Но сейчас совершенно иное. Тон «хроники», лад рассказа взяты сразу, взяты удивительно свободно и «натурально», как нечто само собой разумеющееся, и никаких следов колебаний (судя по черновикам) на этот счет нет. Сразу от «Я» и сразу от «Я» Хроникера.
18 февраля 1870-го: «Все рассказом — самым простым и сжатым.
Из губернской хроники. <…>
Систему же я принял ХРОНИКИ» (11; 92).
26 февраля: «РАССКАЗОМ отлично выйдет без малейшей шероховатости. Главное — хроника» (11; 128).
Этот тон был взят фактически еще в январе, с первого же слова.
Все подсказывало, все стимулировало, все подтверждало точность выбора.
Работа в самом разгаре, как вспыхивает (июль 1870-го) франко-прусская война, потрясшая Европу. Война и в газетах.
Только начинается публикация романа (январь 1871-го), как в марте — мае — Парижская коммуна, потрясшая мир.

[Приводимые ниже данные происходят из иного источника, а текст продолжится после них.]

(* For every $0<\delta\le1$ and $0<\epsilon\le1$ there exist $n$, $m$, a preference profile $\sigma$, and two distributions $\mathcal{D}_1,\mathcal{D}_2$ supported on $[0,1]$ with total variation distance at most $\epsilon$ such that every alternative $j$ maximizing $\mathbb{E}_{\mathcal{D}_1}[\mathrm{sw}(j,u)]$ at $\sigma$ satisfies $\mathbb{E}_{\mathcal{D}_2}[\mathrm{sw}(j,u)]<\delta\max_{k\in A}\mathbb{E}_{\mathcal{D}_2}[\mathrm{sw}(k,u)]$; i.e., the expected-welfare-maximizing rule for $\mathcal{D}_1$ is not a $\delta$-expected-welfare-maximizing rule for $\mathcal{D}_2$.
   Context: There are $n$ voters and $m$ alternatives $A=\{1,\dots,m\}$. A preference profile $\sigma$ consists of a ranking of $A$ for each voter. Given a distribution $\mathcal{D}$ and profile $\sigma$, a random utility profile $u$ consistent with $\sigma$ is generated as follows: independently for each voter $i$, draw $m$ i.i.d. samples from $\mathcal{D}$ and assign them, from highest to lowest, to the alternatives in the order of voter $i$'s ranking. The social welfare of $j$ is $\mathrm{sw}(j,u)=\sum_i u_{ij}$; $\mathbb{E}_{\mathcal{D}}$ is expectation over $u$ generated with $\mathcal{D}$. *)

From HB Require Import structures.
From mathcomp Require Import all_boot all_order all_algebra perm.
From mathcomp Require Import all_classical all_reals all_analysis.
Set Implicit Arguments. Unset Strict Implicit. Unset Printing Implicit Defensive.
Import Order.TTheory GRing.Theory Num.Theory.
Local Open Scope classical_set_scope.
Local Open Scope ring_scope.
Local Open Scope ereal_scope.

Section Defs.
Variable R : realType.

Definition supported01 (P : probability R R) : Prop := P [set x : R | (0 <= x <= 1)%R] = 1.

Definition tv_dist (P Q : probability R R) : \bar R :=
  ereal_sup [set `|P A - Q A| | A in [set A : set R | measurable A]].

(* Expectation of f(X_1,...,X_N) where X_1,...,X_N are i.i.d. with law P,
   written as the iterated integral (first coordinate outermost). *)
Fixpoint iid_expect (P : probability R R) (N : nat) (f : seq R -> \bar R)
  : \bar R :=
  match N with
  | 0 => f [::]
  | N'.+1 => \int[P]_x iid_expect P N' (fun s => f (x :: s))
  end.

(* A preference profile: voter i's ranking sigma i maps a position k
   (k = 0 is the top) to the alternative ranked k-th. *)
Definition profile (n m : nat) := 'I_n -> {perm 'I_m}.

(* Utility of voter i for alternative j, given the sequence s of n*m draws:
   voter i uses draws i*m, ..., i*m+m-1, sorted from highest to lowest and
   assigned along the ranking sigma i. *)
Definition utility (n m : nat) (sigma : profile n m) (s : seq R)
  (i : 'I_n) (j : 'I_m) : R :=
  nth 0%R (sort (fun x y : R => (y <= x)%R) (take m (drop (i * m) s)))
      ((sigma i)^-1%g j).

Definition sw (n m : nat) (sigma : profile n m) (s : seq R) (j : 'I_m) : R :=
  (\sum_(i < n) utility sigma s i j)%R.

Definition exp_sw (P : probability R R) (n m : nat) (sigma : profile n m)
  (j : 'I_m) : \bar R :=
  iid_expect P (n * m) (fun s => (sw sigma s j)%:E).

End Defs.

(* Take D1 = Bernoulli(q) and D2 = Bernoulli(p) on {0,1}, with q = eps/4 and p
   tiny, so that |q - p| <= eps, and n + 2 alternatives ranked by n + 1 voters:
   every voter puts alternative 0 second, while the other alternatives are
   cyclically shifted through the remaining positions.  For draws in {0,1} the
   utility at position r is 1 iff more than r of the n + 2 draws are 1, so with
   T = P(at least two draws are 1) alternative 0 has expected welfare (n+1) T
   and every other one (n+2) q - T.  If (n+2) q is large then T >= 1/2 > q and
   alternative 0 is the only D1-maximizer; if p is tiny then T <= ((n+2) p)^2 is
   negligible against (n+2) p, and alternative 0 loses to the others by more
   than any factor delta under D2. *)

From HB Require Import structures.
From mathcomp Require Import all_boot all_order all_algebra perm.
From mathcomp Require Import all_classical all_reals all_analysis.
From mathcomp Require Import measurable_realfun ring lra.
Set Implicit Arguments. Unset Strict Implicit. Unset Printing Implicit Defensive.
Import Order.TTheory GRing.Theory Num.Theory.
Local Open Scope ring_scope.

Local Notation ones s := (count_mem 1%R s).

Section sort_bool_seq.
Variable R : realDomainType.
Implicit Type s : seq R.

Definition bool_seq s := all [pred x | (x == 0) || (x == 1)] s.

Local Notation ger := (fun x y : R => y <= x).

Let ger_trans : transitive ger.
Proof. by move=> x y z yx zy; apply: le_trans yx. Qed.

Let sorted_ones_zeros (a b : nat) : sorted ger (nseq a 1 ++ nseq b 0).
Proof.
elim: a => [|a IH] /=.
  by elim: b => //= b IH; rewrite path_sortedE // all_nseq lexx orbT IH.
by rewrite path_sortedE // IH all_cat !all_nseq lexx ler01 !orbT.
Qed.

Let perm_ones_zeros s : bool_seq s ->
  perm_eq s (nseq (ones s) 1 ++ nseq (count_mem 0 s) 0).
Proof.
elim: s => [|x s IH] //= /andP[/orP[]/eqP-> /IH{}IH].
  rewrite eqxx eq_sym oner_eq0 /= -[0 :: nseq _ _]cat1s perm_sym perm_catCA /= perm_cons.
  by rewrite perm_sym.
by rewrite eqxx oner_eq0 /= perm_cons.
Qed.

Lemma sort_bool_seq s : bool_seq s ->
  sort ger s = nseq (ones s) 1 ++ nseq (count_mem 0 s) 0.
Proof.
move=> s01; apply: (sorted_eq ger_trans).
- by move=> x y /andP[xy yx]; apply/eqP; rewrite eq_le xy yx.
- by apply: sort_sorted => x y; exact: le_total.
- exact: sorted_ones_zeros.
by rewrite perm_sort perm_ones_zeros.
Qed.

Lemma nth_sort_bool_seq s r : bool_seq s ->
  nth 0 (sort ger s) r = (r < ones s)%N%:R.
Proof.
move=> s01; rewrite sort_bool_seq // nth_cat size_nseq.
by case: ltnP => lt_r; rewrite nth_nseq ?lt_r //; case: ifP.
Qed.

End sort_bool_seq.

Section bern_expect.
Variables (R : realDomainType) (q : R).
Implicit Types (h : seq R -> R) (s : seq R).

Fixpoint bern_expect N h : R :=
  if N is N'.+1 then
    (1 - q) * bern_expect N' (fun s => h (0 :: s)) +
    q * bern_expect N' (fun s => h (1 :: s))
  else h [::].

Let ones_cons0 s : ones (0 :: s) = ones s.
Proof. by rewrite /= eq_sym oner_eq0. Qed.

Let ones_cons1 s : ones (1 :: s) = (ones s).+1.
Proof. by rewrite /= eqxx. Qed.

Lemma bern_expectS N h : bern_expect N.+1 h =
  (1 - q) * bern_expect N (fun s => h (0 :: s)) + q * bern_expect N (fun s => h (1 :: s)).
Proof. by []. Qed.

Газеты неистовствуют.
Печатание «Бесов» идет полным ходом, когда Достоевский возвращается наконец в Россию (8 июля 1871-го), а в Петербурге только что (1 июля) начался первый в истории России открытый политический процесс — как раз над нечаевцами, и всем газетам разрешено его освещать. Что тогда творилось! Никогда еще грамотная, образованная Россия не читала газеты с таким кровным интересом. В каждой распивочной, вокруг каждого грамотея — толпа. А слухи, слухи, толки, споры — во всех слоях, а особенно среди молодежи, студентов…
Гул газет. Голоса газет… И Достоевский словно «настраивается» на эти голоса, на эти «волны», «частоты», словно «подключается» к ним, «включается» в них — слушает, слушает их, чтобы и сказать на этом новом горячем языке свое слово, сказать его в первую очередь молодому тогдашнему читателю.

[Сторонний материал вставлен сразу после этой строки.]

Lemma code_dominating u : u < N -> exists2 z, z < N & S u z.
Proof.
move=> lt_u; rewrite /code_nbh.
case uZ: (u \in Z); first by exists u; rewrite // eqxx code_Z.
case ku: (ctr u).
  have [p [_ [up _ _ pR _]]] := outer_ctr_code_nbrs lt_u ku (negbT uZ).
  by exists p; [exact: edge_lt_r up | rewrite up orbT code_nonctr // (ctr_nbr_nonctr ku up)].
case uR: (u \in R); last by exists u; rewrite // eqxx code_nonctr ?ku ?uR.
have anchor : exists2 c, c \in Z & e c u.
  move: uR; rewrite !inE => /or4P[| | | /orP[]] /eqP ->.
  - by exists c2; rewrite ?inE ?eqxx ?orbT.
  - by exists c2; rewrite ?inE ?eqxx ?orbT.
  - by exists c3; rewrite ?inE ?eqxx ?orbT.
  - by exists c1; rewrite ?inE ?eqxx ?orbT.
  - by exists c4; rewrite ?inE ?eqxx ?orbT.
case: anchor => c cZ cu; exists c; first exact: lt_of_Z.
by rewrite (tree_sym pt) cu orbT code_Z.
Qed.

Lemma spine_code_id : is_id_codeb (ord_rel N e) [set z : 'I_N | spine_code (val z)].
Proof. exact: id_code_ord_rel code_dominating code_separating. Qed.

Lemma spine_code_count : count spine_code (iota 0 N) = 2 * m.
Proof.
set A := [pred z | ~~ ctr z && (z \notin R)]; set s := iota 0 N.
have uniq_R : uniq R := subseq_uniq (suffix_subseq [:: x1; x3] R) skeleton_uniq.
have uniq_Z : uniq Z by rewrite /= !inE !negb_or c12 c13 c14 c23 c24 c34.
have cnt_Z : count (mem Z) s = 4.
  rewrite (count_mem_iota uniq_Z) //.
  by rewrite /= (edge_lt_l c1x1) (edge_lt_l c2x1) (edge_lt_l c3x2) (edge_lt_l c4x3).
have cnt_R : count (mem R) s = 5.
  rewrite (count_mem_iota uniq_R) //.
  rewrite /= (edge_lt_r c2x2) (edge_lt_r c2w2) (edge_lt_r c3w3).
  by rewrite (edge_lt_r c1r1) (edge_lt_r c4r4).
have cnt_L : count (mem R) s + count A s = count (predC ctr) s.
  rewrite -[RHS]size_filter -(count_predC (mem R) (filter (predC ctr) s)) !count_filter.
  congr (_ + _); apply: eq_count => z /=; last by rewrite andbC.
  by case zR: (z \in R); rewrite //= (nonctr_of_R zR).
have cnt_AZ : count (predI A (mem Z)) s = 0.
  rewrite (@eq_count _ _ pred0) ?count_pred0 // => z /=.
  by case zZ: (z \in Z); rewrite ?andbF // (ctr_of_Z zZ).
have := count_predUI A (mem Z) s; rewrite cnt_AZ cnt_Z addn0.
change (count (predU A (mem Z)) s) with (count spine_code s) => ->.
have := count_predC ctr s; rewrite size_iota (ct_centres ct) (ct_order ct) -cnt_L cnt_R.
by move=> cnt; clear -cnt; lia.
Qed.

«Спешу оговориться: ни Нечаева, ни Иванова, ни обстоятельств того убийства я не знал и совсем не знаю, кроме как из газет. Да если б и знал, то не стал бы копировать. Я беру совершившийся факт. Моя фантазия может в высшей степени разнится с бывшей действительностью, и мой Петр Верховенский может нисколько не походить на Нечаева; но мне кажется, что в пораженном уме моем создалось воображением то лицо, тот тип, который соответствует этому злодейству» (29, I; 141).

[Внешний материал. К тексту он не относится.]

(* Consider the linear vehicle platoon model $\dot{x}(t)=A_{\mathrm{c}}x(t)+B_{\mathrm{c}}u(t)$ with communication attempt time instants $\mathcal{S}=\{s_0,s_1,s_2,\ldots\}$ and the time-discretized braking model (so that the reference desired acceleration $u_0(t)$ is constant on each interval $[s_k,s_{k+1})$). If $\mathcal{S}\subseteq\mathcal{T}$ with $\mathcal{T}\triangleq\{t_0,t_1,t_2,\ldots\}$ and there exists $\alpha>0$ such that \[ t_{k+1}-t_{k}\leq\ln\left(\frac{\mu(\tilde{A})\alpha}{\varphi\|\tilde{x}(t_{k})\|}+1\right)/\mu(\tilde{A}) \] for every $k\in\mathbb{N}_0$, where \[ \varphi\triangleq\max_{i\in\{2,\ldots,n\}}\|q_i^{\top}(A_{\mathrm{c}}b_1^{\top}+B_{\mathrm{c}}b_2^{\top})\|, \] then \[ |d_i(t)-d_i(t_k)|\leq\alpha,\quad t\in[t_k,t_{k+1}), \] for every $k\in\mathbb{N}_0$ and every $i\in\{2,\ldots,n\}$.
   Context: The platoon consists of a virtual reference vehicle and $n$ actual vehicles; its dynamics are the linear system $\dot{x}(t)=A_{\mathrm{c}}x(t)+B_{\mathrm{c}}u(t)$ with state $x(t)\in\mathbb{R}^{3+6n}$ (stacking $[p_0,v_0,a_0]$ for the reference vehicle and $[e_i,\dot e_i,p_i,v_i,a_i,u_i]$ for each vehicle $i=1,\dots,n$, with $p$ positions) and input $u(t)=[u_0(t),\hat u_0(t),\hat u_1(t),\ldots,\hat u_{n-1}(t)]^\top\in\mathbb{R}^{1+n}$, where $A_{\mathrm{c}}\in\mathbb{R}^{(3+6n)\times(3+6n)}$ and $B_{\mathrm{c}}\in\mathbb{R}^{(3+6n)\times(1+n)}$ are the platoon system matrices. Communication attempts occur at $s_j=jT$, $T>0$; the received desired accelerations $\hat u_i(t)$ ($i\ge 1$) are held constant on $[s_j,s_{j+1})$ (updated at $s_j$ on success, kept on packet loss), $\hat u_0=u_0$, and the time-discretized braking model sets $u_0(t)=u_{0,k}$ constant on $[s_k,s_{k+1})$. Hence, when $\mathcal{S}\subseteq\mathcal{T}$, $u(t)=u(t_k)$ on $[t_k,t_{k+1})$. Inter-vehicle distances are $d_i(t)=p_{i-1}(t)-p_i(t)-L_i=q_i^\top x(t)-L_i$ for $i\in\{2,\ldots,n\}$, where $L_i>0$ is the vehicle length and $q_i\in\mathbb{R}^{3+6n}$ has entry $-1$ at position $6i+6$, entry $1$ at position $6i$, and $0$ elsewhere. The lifted state is $\tilde x(t)=[x^\top(t),u^\top(t)]^\top\in\mathbb{R}^{4+7n}$, satisfying $\dot{\tilde x}(t)=\tilde A\tilde x(t)$ on $[t_k,t_{k+1})$ with $\tilde{A}=\begin{bmatrix}A_{\mathrm{c}} & B_{\mathrm{c}}\\ 0 & 0\end{bmatrix}$. The matrices $b_1=\begin{bmatrix}I_{3+6n}\\ 0_{(1+n)\times(3+6n)}\end{bmatrix}\in\mathbb{R}^{(4+7n)\times(3+6n)}$ and $b_2=\begin{bmatrix}0_{(3+6n)\times(1+n)}\\ I_{1+n}\end{bmatrix}\in\mathbb{R}^{(4+7n)\times(1+n)}$, where $I_m$ denotes the $m\times m$ identity matrix, satisfy $x=b_1^\top\tilde x$, $u=b_2^\top\tilde x$. $\|\cdot\|$ is the Euclidean norm / induced matrix norm and $\mu(M)=\lambda_{\max}((M+M^\top)/2)$ is the logarithmic norm. *)

From HB Require Import structures.
From mathcomp Require Import all_boot all_order all_algebra.
From mathcomp Require Import all_classical all_reals all_analysis.
Set Implicit Arguments. Unset Strict Implicit. Unset Printing Implicit Defensive.
Import Order.TTheory GRing.Theory Num.Theory.
Import numFieldNormedType.Exports.
Local Open Scope classical_set_scope.
Local Open Scope ring_scope.

Section Defs.
Variable R : realType.

Definition enorm (N : nat) (v : 'cV[R]_N) : R :=
  Num.sqrt (\sum_(i < N) v i 0 ^+ 2).

Definition opnorm (m N : nat) (A : 'M[R]_(m, N)) : R :=
  sup [set y | exists2 v : 'cV[R]_N, enorm v = 1 & y = enorm (A *m v)].

Definition lambda_max (N : nat) (M : 'M[R]_N) : R :=
  sup [set a | eigenvalue M a].

Definition lognorm (N : nat) (M : 'M[R]_N) : R :=
  lambda_max (2^-1 *: (M + M^T)).

Definition nx (n : nat) : nat := (3 + 6 * n)%N.
Definition nu (n : nat) : nat := (1 + n)%N.

Definition Atilde (n : nat) (Ac : 'M[R]_(nx n)) (Bc : 'M[R]_(nx n, nu n))
  : 'M[R]_(nx n + nu n) := block_mx Ac Bc 0 0.

Definition b1 (n : nat) : 'M[R]_(nx n + nu n, nx n) := col_mx 1%:M 0.
Definition b2 (n : nat) : 'M[R]_(nx n + nu n, nu n) := col_mx 0 1%:M.

Definition xtilde (n : nat) (x : 'cV[R]_(nx n)) (u : 'cV[R]_(nu n))
  : 'cV[R]_(nx n + nu n) := col_mx x u.

(* q_i : selects p_{i-1} - p_i.  With 1-based positions, p_j sits at
   position 6j (j >= 1); so +1 at position 6(i-1), -1 at position 6i,
   i.e. 0-based indices 6i-7 and 6i-1 (for i >= 2). *)
Definition q (n i : nat) : 'cV[R]_(nx n) :=
  \col_(j < nx n) ((nat_of_ord j == 6 * i - 7)%N%:R - (nat_of_ord j == 6 * i - 1)%N%:R).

Все это относится и к самой хроникальной «форме» романа, к Хроникеру.
Хроникер не профессиональный репортер, но очень близок к нему и в этом смысле оказывается фигурой типичнейшей, а чем дальше, тем больше: сколько их сейчас, «хроникеров»? Армия, миллионы! И как много от них (и от них) зависит во всей жизни и смерти нашей. Недаром же не только литература, но и театр, кино все пристальнее вглядываются в эту фигуру, большей частью не подозревая, что продолжают дело Достоевского. Опять и опять сама жизнь заставляет открывать заново открытое им.